*TASK:*
Go line by line through the entries below and count those containing the string "mathcomp"; give only the count.

Stored items
(* Let $k\ge 2$ and let $\mathcal{C}$ be the full flag code on $\mathbb{F}_q^{2k}$ constructed from a $k$-spread as described in the context. Let $\mathcal{F}=(\mathcal{F}_1,\ldots,\mathcal{F}_{2k-1})\in\mathcal{C}$ and let $\mathcal{X}=(\mathcal{X}_1,\ldots,\mathcal{X}_{2k-1})$ be a sequence of subspaces with $\mathcal{X}_i\subseteq\mathcal{F}_i$ for all $i$. If there exists $i\in\{1,\ldots,k\}$ with $\mathcal{X}_i\ne\{0\}$, then $\mathcal{F}$ is the unique flag $\mathcal{G}=(\mathcal{G}_1,\ldots,\mathcal{G}_{2k-1})\in\mathcal{C}$ with $\mathcal{X}_i\subseteq\mathcal{G}_i$.
   Context: $q$ is a prime power. Construction: let $\{\mathcal{S}_1,\ldots,\mathcal{S}_{q^k+1}\}$ be a $k$-spread of $\mathbb{F}_q^{2k}$ (a set of $q^k+1$ $k$-dimensional subspaces pairwise intersecting trivially), with full-rank $k\times 2k$ generator matrices $\mathrm{S}_i$ (row space $\mathcal{S}_i$). Let $\mathrm{W}_i=\begin{pmatrix}\mathrm{S}_i\\ \mathrm{S}_{i+1}\end{pmatrix}$ for $i\le q^k$ and $\mathrm{W}_{q^k+1}=\begin{pmatrix}\mathrm{S}_{q^k+1}\\ \mathrm{S}_1\end{pmatrix}$, let $\mathcal{W}_i^{(j)}$ be the row space of the first $j$ rows of $\mathrm{W}_i$, and $\mathcal{C}=\{(\mathcal{W}_i^{(1)},\ldots,\mathcal{W}_i^{(2k-1)}): 1\le i\le q^k+1\}$. *)

(* Subspaces of F^(2k) are represented by matrices over F
   (row spaces), with inclusion (A <= B)%MS and canonical representatives
   <<A>>%MS. *)
From HB Require Import structures.
From mathcomp Require Import all_boot all_order all_algebra all_field.
Set Implicit Arguments. Unset Strict Implicit. Unset Printing Implicit Defensive.
Import GRing.Theory.
Local Open Scope ring_scope.

(* A k-spread of F^(2k) given by generator matrices S_i (k x 2k), indexed by
   'I_(q^k+1) with q = #|F|: each S_i is full rank (so its row space has
   dimension k) and the row spaces pairwise intersect trivially. *)
Definition is_spread_gen (F : finFieldType) (k : nat)
    (S : 'I_(#|F| ^ k).+1 -> 'M[F]_(k, k + k)) : Prop :=
  (forall i, row_free (S i)) /\
  (forall i j, i != j -> (S i :&: S j)%MS = 0 :> 'M[F]_(k + k)).

(* W_i = (S_i ; S_(i+1)), cyclically (W_(q^k+1) = (S_(q^k+1) ; S_1)). *)
Definition Wmx (F : finFieldType) (k : nat)
    (S : 'I_(#|F| ^ k).+1 -> 'M[F]_(k, k + k)) (i : 'I_(#|F| ^ k).+1)
    : 'M[F]_(k + k, k + k) :=
  col_mx (S i) (S (ordS i)).

(* W_i^(j): the row space of the first j rows of W_i (the other rows are
   zeroed out by the partial identity pid_mx j), as a canonical subspace. *)
Definition flagW (F : finFieldType) (k : nat)
    (S : 'I_(#|F| ^ k).+1 -> 'M[F]_(k, k + k)) (i : 'I_(#|F| ^ k).+1)
    (j : nat) : 'M[F]_(k + k) :=
  (<< (pid_mx j : 'M[F]_(k + k)) *m Wmx S i >>)%MS.

(* Every flag of the code starts inside one spread element: its first k
   subspaces lie in S_i.  A nonzero X_j with j <= k therefore lies in both
   S_i and S_i0, which meet trivially unless i = i0, so the flag is F. *)
From mathcomp Require Import all_boot all_order all_algebra all_field zify.
Set Implicit Arguments. Unset Strict Implicit. Unset Printing Implicit Defensive.
Local Open Scope ring_scope.
Import GRing.Theory.

Lemma pid_mx_col_mx_sub (K : fieldType) (m1 m2 n j : nat)
    (A : 'M[K]_(m1, n)) (B : 'M[K]_(m2, n)) :
  (j <= m1)%N -> ((pid_mx j : 'M_(m1 + m2)) *m col_mx A B <= A)%MS.
Proof.
move=> le_j_m1.
have -> : (pid_mx j : 'M[K]_(m1 + m2)) = pid_mx j *m (pid_mx m1 : 'M_(m1 + m2)).
  rewrite mul_pid_mx (minn_idPl le_j_m1).
  by rewrite (minn_idPr (leq_trans le_j_m1 (leq_addr _ _))).
rewrite -mulmxA pid_mx_block mul_block_col !mul0mx mul1mx !addr0.
by apply: submx_trans (submxMl _ _) _; rewrite col_mx_sub submx_refl sub0mx.
Qed.

Lemma flagW_sub_spread (F : finFieldType) (k : nat)
    (S : 'I_(#|F| ^ k).+1 -> 'M[F]_(k, k + k)) i j :
  (j <= k)%N -> (flagW S i j <= S i)%MS.
Proof. by move=> le_j_k; rewrite /flagW genmxE pid_mx_col_mx_sub. Qed.

Lemma spread_index_eq (F : finFieldType) (k : nat)
    (S : 'I_(#|F| ^ k).+1 -> 'M[F]_(k, k + k)) (i i' : 'I_(#|F| ^ k).+1)
    (Y : 'M[F]_(k + k)) :
  is_spread_gen S -> Y != 0 -> (Y <= S i)%MS -> (Y <= S i')%MS -> i = i'.
Proof.
case=> _ trivial_cap nzY subYi subYi'; apply/eqP; apply: contraNT nzY => neq_ii'.
by rewrite -submx0 -(trivial_cap _ _ neq_ii') sub_capmx subYi subYi'.
Qed.

Theorem proposition4p11 (F : finFieldType) (k : nat) (hk : (2 <= k)%N)
    (S : 'I_(#|F| ^ k).+1 -> 'M[F]_(k, k + k))
    (hS : is_spread_gen S)
    (i0 : 'I_(#|F| ^ k).+1) (X : nat -> 'M[F]_(k + k))
    (hX : forall j, (1 <= j <= (k + k).-1)%N -> (X j <= flagW S i0 j)%MS)
    (hnz : exists2 j, (1 <= j <= k)%N & X j != 0) :
  forall i : 'I_(#|F| ^ k).+1,
    (forall j, (1 <= j <= (k + k).-1)%N -> (X j <= flagW S i j)%MS) ->
    forall j, (1 <= j <= (k + k).-1)%N -> flagW S i j = flagW S i0 j.
Proof.
move=> i hXi j _.
have [l /andP[l_gt0 l_le_k] nzXl] := hnz.
have l_in_range : (1 <= l <= (k + k).-1)%N by apply/andP; split; lia.
suff -> : i = i0 by [].
apply: (spread_index_eq hS nzXl).
- exact: submx_trans (hXi l l_in_range) (flagW_sub_spread _ _ l_le_k).
- exact: submx_trans (hX l l_in_range) (flagW_sub_spread _ _ l_le_k).
Qed.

*THE ANSWER:*
2